We statisticians can be a bit cup-half-empty, and we seem to be perpetually worried that our turf will be taken away, we’ll lose ground to computer science or to other fields of research. But I try to be more cup-half-full about it because I think that statistical science has a pretty unique role in science. It’s maybe a bit more risk averse than computer science, but on the other hand, I think we bring an intellectual effort to the table that’s different from machine learning and different from artificial intelligence, and one way to describe it might be, it may be more focused on understanding a system than on results—which might sound a bit negative, because who doesn’t want results, but understanding where the results come from, I think, is important to statistical scientists, and I think it will always be important in science.
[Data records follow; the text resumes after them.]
Lemma brcDr g d x y y' : brc g d x (y + y') = brc g d x y + brc g d x y'.
Proof. by rewrite /brc /= hpairDl scalerDl scalerDr opprD addrACA. Qed.

Lemma brc0l g d y : brc g d 0 y = 0.
Proof. by rewrite /brc /= hpair0l scale0r scaler0 subrr. Qed.

Lemma brc0r g d x : brc g d x 0 = 0.
Proof. by rewrite /brc /= hpair0l scale0r scaler0 subrr. Qed.

Lemma hpair_brc g d x y e :
  hpair (brc g d x y) e = hpair x d * hpair y e - hpair y g * hpair x e.
Proof. by rewrite /brc /= hpairDl hpairNl !hpairZl. Qed.

Lemma coef_cons p a g : coef (p :: a) g = (if p.1 == g then p.2 else 0) + coef a g.
Proof. by rewrite /coef big_cons; case: ifP; rewrite ?add0r. Qed.

Lemma coef_nil g : coef ([::] : wexpr K n) g = 0.
Proof. by rewrite /coef big_nil. Qed.

Lemma coef_neq0_fst a g : coef a g != 0 -> g \in map fst a.
Proof.
elim: a => [|[x v] a IH]; first by rewrite coef_nil eqxx.
rewrite coef_cons map_cons inE; case: (eqVneq x g) => [//|_].
by rewrite add0r => /IH ->; rewrite orbT.
Qed.

Lemma mem_wsupp a g : (g \in wsupp a) = (coef a g != 0).
Proof. by rewrite mem_filter andb_idr //; apply: coef_neq0_fst. Qed.

Lemma sum_wexpr_coef (W : zmodType) (F : E -> V -> W) a (s : seq E) :
  (forall g x y, F g (x + y) = F g x + F g y) -> uniq s ->
  {subset map fst a <= s} ->
  \sum_(p <- a) F p.1 p.2 = \sum_(g <- s) F g (coef a g).
Proof.
move=> FD us.
have F0 g : F g 0 = 0 by apply: (addrI (F g 0)); rewrite -FD !addr0.
elim: a => [|p a IH] sa.
  by rewrite big_nil big1 // => g _; rewrite coef_nil F0.
rewrite big_cons IH; last by move=> x xa; apply: sa; rewrite inE xa orbT.
under [in RHS]eq_bigr => g _ do rewrite coef_cons FD.
rewrite big_split /=; congr (_ + _).
have ps : p.1 \in s by apply: sa; rewrite inE eqxx.
rewrite (bigD1_seq p.1) //= eqxx big1 ?addr0 // => g /negbTE gp.
by rewrite eq_sym gp F0.
Qed.

Lemma coef_wbr_sum a c (sa sc : seq E) g :
  uniq sa -> {subset map fst a <= sa} -> uniq sc -> {subset map fst c <= sc} ->
  coef (wbr a c) g = \sum_(e <- sa) \sum_(e' <- sc)
    (if e + e' == g then brc e e' (coef a e) (coef c e') else 0).
Proof.
move=> usa asa usc csc; rewrite /coef /wbr big_mkcond big_allpairs_dep /=.
transitivity (\sum_(p <- a) \sum_(e' <- sc)
                (if p.1 + e' == g then brc p.1 e' p.2 (coef c e') else 0)).
  apply: eq_bigr => p _; apply: (sum_wexpr_coef
    (F := fun e' y => if p.1 + e' == g then brc p.1 e' p.2 y else 0)) => //.
  by move=> e' x y; case: ifP; rewrite ?brcDr ?addr0.
apply: (sum_wexpr_coef (F := fun e x => \sum_(e' <- sc)
   (if e + e' == g then brc e e' x (coef c e') else 0))) => //.
move=> e x y; rewrite -big_split; apply: eq_bigr => e' _ /=.
by case: ifP; rewrite ?brcDl ?addr0.
Qed.

Lemma coef_wbr_single a c g0 d0 g :
  (forall e e', e + e' = g -> (e, e') != (g0, d0) ->
     brc e e' (coef a e) (coef c e') = 0) ->
  coef (wbr a c) g =
    if g0 + d0 == g then brc g0 d0 (coef a g0) (coef c d0) else 0.
Proof.
move=> only_g0d0.
have subU z (s : seq E) : {subset s <= undup (z :: s)}.
  by move=> u us; rewrite mem_undup inE us orbT.
have G0 e e' : (e, e') != (g0, d0) ->
    (if e + e' == g then brc e e' (coef a e) (coef c e') else 0) = 0.
  by move=> ne; case: eqP => // eg; apply: only_g0d0.
rewrite (coef_wbr_sum (sa := undup (g0 :: map fst a)) (sc := undup (d0 :: map fst c)))
  ?undup_uniq //.
rewrite (sumr_uniq_eq1 (j := g0)) ?undup_uniq ?mem_undup ?mem_head // => [|e eg0].
  rewrite (sumr_uniq_eq1 (j := d0)) ?undup_uniq ?mem_undup ?mem_head // => e' ed0.
  by rewrite G0 // xpair_eqE negb_and ed0 orbT.
by rewrite big1 // => e' _; rewrite G0 // xpair_eqE negb_and eg0.
Qed.

Lemma wcomb_fst (L : seq (wexpr K n)) (cs : seq K) :
  {subset map fst (wcomb L cs) <= flatten [seq map fst l | l <- L]}.
Proof.
elim: L cs => [|l L IH] [|k cs] //= g.
rewrite /wcomb /= map_cat !mem_cat => /orP [|/IH ->]; last by rewrite orbT.
by rewrite /wscale -map_comp => ->.
Qed.

Lemma coef_hcomp lam (k : int) a g :
  coef (hcomp lam k a) g = if ldeg lam g == k then coef a g else 0.
Proof.
rewrite /coef /hcomp big_filter_cond; case: ifP => lg.
  by apply: eq_bigl => p; case: (eqVneq p.1 g) => [->|]; rewrite ?lg ?andbF.
by rewrite big1 // => p /andP [/eqP pk /eqP pg]; move: lg; rewrite -pg pk eqxx.
Qed.

(* [a] lies in the Cartan subalgebra [H_n] of [W_n]. *)
Definition cartan a : Prop := forall g, g != 0 -> coef a g = 0.

Lemma cartan_hcomp lam (k : int) a : cartan a -> cartan (hcomp lam k a).
Proof. by move=> a0 g g0; rewrite coef_hcomp a0 // if_same. Qed.

Lemma coef_wbr_cartan a c g :
  cartan a -> coef (wbr a c) g = hpair (coef a 0) g *: coef c g.
Proof.
move=> a0; rewrite (coef_wbr_single (g0 := 0) (d0 := g)) ?add0r ?eqxx.
  by rewrite /brc /= hpair0r scale0r subr0.
move=> e e' ee' ne; case: (eqVneq e 0) => [e0|/a0 ->]; last by rewrite brc0l.
by move: ne; rewrite -ee' e0 add0r eqxx.
Qed.

Lemma coef_iter_wbr_cartan a b i g : cartan a ->
  coef (iter i (wbr a) b) g = hpair (coef a 0) g ^+ i *: coef b g.
Proof.
move=> a0; elim: i => [|i IH]; first by rewrite expr0 scale1r.
by rewrite iterS coef_wbr_cartan // IH scalerA exprS.
Qed.

Lemma cartan_locally_finite a : cartan a -> locally_finite a.
Proof.
move=> a0 b; exists [seq [:: q] | q <- b] => i.
pose f (q : wterm K n) := hpair (coef a 0) q.1 ^+ i.
exists [seq f q | q <- b] => g.
have -> : wcomb [seq [:: q] | q <- b] [seq f q | q <- b] =
          [seq (q.1, f q *: q.2) | q <- b].
  by elim: b {a0} => [|q b IH] //; rewrite /wcomb /= in IH *; rewrite IH.
rewrite coef_iter_wbr_cartan // /coef big_map scaler_sumr big_mkcond [RHS]big_mkcond.
by apply: eq_bigr => q _ /=; case: eqP => [<-|].
Qed.

Section DominantTerm.
Variable w : E -> int.
Hypothesis wD : forall g d, w (g + d) = w g + w d.

Definition wtop c d : Prop := forall g, g != d -> w d <= w g -> coef c g = 0.

Lemma wtop_lt c d g : wtop c d -> coef c g != 0 -> g != d -> w g < w d.
Proof. by move=> top cg gd; rewrite ltNge; apply: contra cg => /(top _ gd) ->. Qed.

Lemma wtop_le c d g : wtop c d -> coef c g != 0 -> w g <= w d.
Proof. by move=> top cg; case: (eqVneq g d) => [-> //|/(wtop_lt top cg)/ltW]. Qed.

Lemma wtop_pair a c g d e e' : wtop a g -> wtop c d ->
  coef a e != 0 -> coef c e' != 0 -> w (g + d) <= w (e + e') -> (e, e') = (g, d).
Proof.
move=> ta tc ae ce'; rewrite !wD.
have := wtop_le ta ae; have := wtop_le tc ce'.
case: (eqVneq e g) => [->|/(wtop_lt ta ae)];
  case: (eqVneq e' d) => [->|/(wtop_lt tc ce')] // *; exfalso; lia.
Qed.

Lemma coef_wbr_wtop a c g d : wtop a g -> wtop c d ->
  coef (wbr a c) (g + d) = brc g d (coef a g) (coef c d) /\ wtop (wbr a c) (g + d).
Proof.
move=> ta tc.
have top_coef e : w (g + d) <= w e ->
    coef (wbr a c) e = if g + d == e then brc g d (coef a g) (coef c d) else 0.
  move=> le; apply: coef_wbr_single => e1 e2 ee ne.
  case: (eqVneq (coef a e1) 0) => [->|ae]; first by rewrite brc0l.
  case: (eqVneq (coef c e2) 0) => [->|ce]; first by rewrite brc0r.
  by move: ne; rewrite (wtop_pair ta tc ae ce) ?eqxx // ee.
split; first by rewrite top_coef ?eqxx.
by move=> e ne le; rewrite top_coef // eq_sym (negbTE ne).
Qed.

End DominantTerm.

Section CharZero.
Hypothesis charK0 : [pchar K] =i pred0.

Lemma intr_eq0_pchar0 (z : int) : ((z%:~R : K) == 0) = (z == 0).
Proof.
move/pcharf0P: charK0 => c0; case: z => m; first by rewrite -pmulrn c0.
by rewrite NegzE mulrNz oppr_eq0 -pmulrn c0.
Qed.

Lemma exists_hpair_neq0 g : g != 0 -> exists x : V, hpair x g != 0.
Proof.
by case/rV0Pn => j gj; exists (delta_mx 0 j); rewrite hpair_deltal intr_eq0_pchar0.
Qed.

Lemma exists_chain_exponent (h : V) (al : E) : h != 0 ->
  exists beta : E, forall i, hpair h (al *+ i + beta) - hpair h al != 0.
Proof.
move=> hn; case: (eqVneq (hpair h al) 0) => [h0|hn0].
  have /rV0Pn [j hj] := hn; exists (delta_mx 0 j) => i.
  by rewrite hpairDr hpairMnr h0 mul0rn add0r hpair_deltar subr0.
exists (al *+ 2) => i.
rewrite hpairDr !hpairMnr -mulrnDr addn2 mulrSr addrK -mulr_natr mulf_eq0 negb_or hn0.
by move/pcharf0P: charK0 => ->.
Qed.

Section TopChain.
Variables (w : E -> int) (a : wexpr K n) (al : E).
Hypothesis wD : forall g d, w (g + d) = w g + w d.
Hypothesis a_top : wtop w a al.
Local Notation h := (coef a al).

Fixpoint top_chain (beta : E) (x : V) (i : nat) : V :=
  if i is i'.+1 then brc al (al *+ i' + beta) h (top_chain beta x i') else x.

Lemma coef_iter_wbr_wtop beta x i :
  coef (iter i (wbr a) [:: (beta, x)]) (al *+ i + beta) = top_chain beta x i /\
  wtop w (iter i (wbr a) [:: (beta, x)]) (al *+ i + beta).
Proof.
elim: i => [|i [IHcoef IHtop]].
  rewrite /= add0r coef_cons coef_nil eqxx addr0; split => // g gb _.
  by rewrite coef_cons coef_nil eq_sym (negbTE gb) addr0.
have [coef_top top] := coef_wbr_wtop wD a_top IHtop.
by rewrite mulrS -addrA iterS coef_top IHcoef.
Qed.

Lemma hpair_top_chainS beta x i :
  hpair (top_chain beta x i.+1) al =
  hpair (top_chain beta x i) al * (hpair h (al *+ i + beta) - hpair h al).
Proof. by rewrite /= hpair_brc mulrBr mulrC. Qed.

Hypotheses (al_nz : al != 0) (h_nz : h != 0).

Lemma top_chain_neq0 : exists beta x, forall i, top_chain beta x i != 0.
Proof.
have [x xal] := exists_hpair_neq0 al_nz; have [beta hb] := exists_chain_exponent al h_nz.
exists beta, x => i; suff : hpair (top_chain beta x i) al != 0.
  by apply: contraNneq => ->; rewrite hpair0l.
by elim: i => [//|i IH]; rewrite hpair_top_chainS mulf_neq0.
Qed.

Lemma wtop_not_locally_finite : ~ locally_finite a.
Proof.
move=> a_lf; have [beta [x chain_nz]] := top_chain_neq0.
have [L HL] := a_lf [:: (beta, x)].
have /rV0Pn [j alj] := al_nz.
have inj : injective (fun i => al *+ i + beta).
  by move=> i k /addIr /(congr1 (fun e : E => e 0 j)); rewrite !mulmxnE; apply: mulrIn.
have [i iL] := exists_inj_notin (flatten [seq map fst l | l <- L]) inj.
have [cs chain_in_L] := HL i; have [coef_top _] := coef_iter_wbr_wtop beta x i.
move: (chain_nz i); rewrite -coef_top chain_in_L => /coef_neq0_fst/wcomb_fst.
by rewrite (negbTE iL).
Qed.

End TopChain.
End CharZero.

End Witt.

Section Separation.
Variable n : nat.
Local Notation E := 'rV[int]_n.

Definition row_poly (x : E) : {poly int} := \sum_(j < n) x 0 j *: 'X^j.

Lemma row_polyD x y : row_poly (x + y) = row_poly x + row_poly y.
Proof. by rewrite /row_poly -big_split; apply: eq_bigr => j _; rewrite mxE scalerDl. Qed.

Lemma row_polyB x y : row_poly (x - y) = row_poly x - row_poly y.
Proof. by rewrite /row_poly -sumrB; apply: eq_bigr => j _; rewrite !mxE scalerBl. Qed.

Lemma coef_row_poly x (j : 'I_n) : (row_poly x)`_j = x 0 j.
Proof.
rewrite /row_poly coef_sum (bigD1 j) //= coefZ coefXn eqxx mulr1 big1 ?addr0 // => k kj.
by rewrite coefZ coefXn eq_sym (negbTE (kj : (k : nat) != j)) mulr0.
Qed.

Lemma row_poly_neq0 x : x != 0 -> row_poly x != 0.
Proof. by case/rV0Pn => j; apply: contraNneq => x0; rewrite -coef_row_poly x0 coef0. Qed.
So I think there will always be a key role for statistical science.
 
What advice would you give to a young statistician just starting out?
 
I guess that that’s a little hard to answer because there’s so many different aspects to it. But I would say, in more general terms, in my 40 years of working, I don’t think I’ve seen a time when it’s been more exciting for statistics. There’s so much going on, there’s so many different problems and so many different aspects of statistics that are of interest—even just in the last four years, the COVID epidemic put statistics front and centre, so I think it’s really never been a better time to be a statistician in. Just find what interests you and run with it. I don’t see how you can go wrong.
 
Last question. What work activities are you focused on these days?
 
Well, I seem to be perpetually scrambling to finish things. I’ve spent today preparing the talk for the Joint Statistical Meetings in August. The point that I’ll try to emphasize in my talk is that the abstract and theoretical foundations of statistics continue to be relevant for any number of particular problems that society is confronting, so I guess I continue to maintain an interest in linking the foundational aspects to current issues.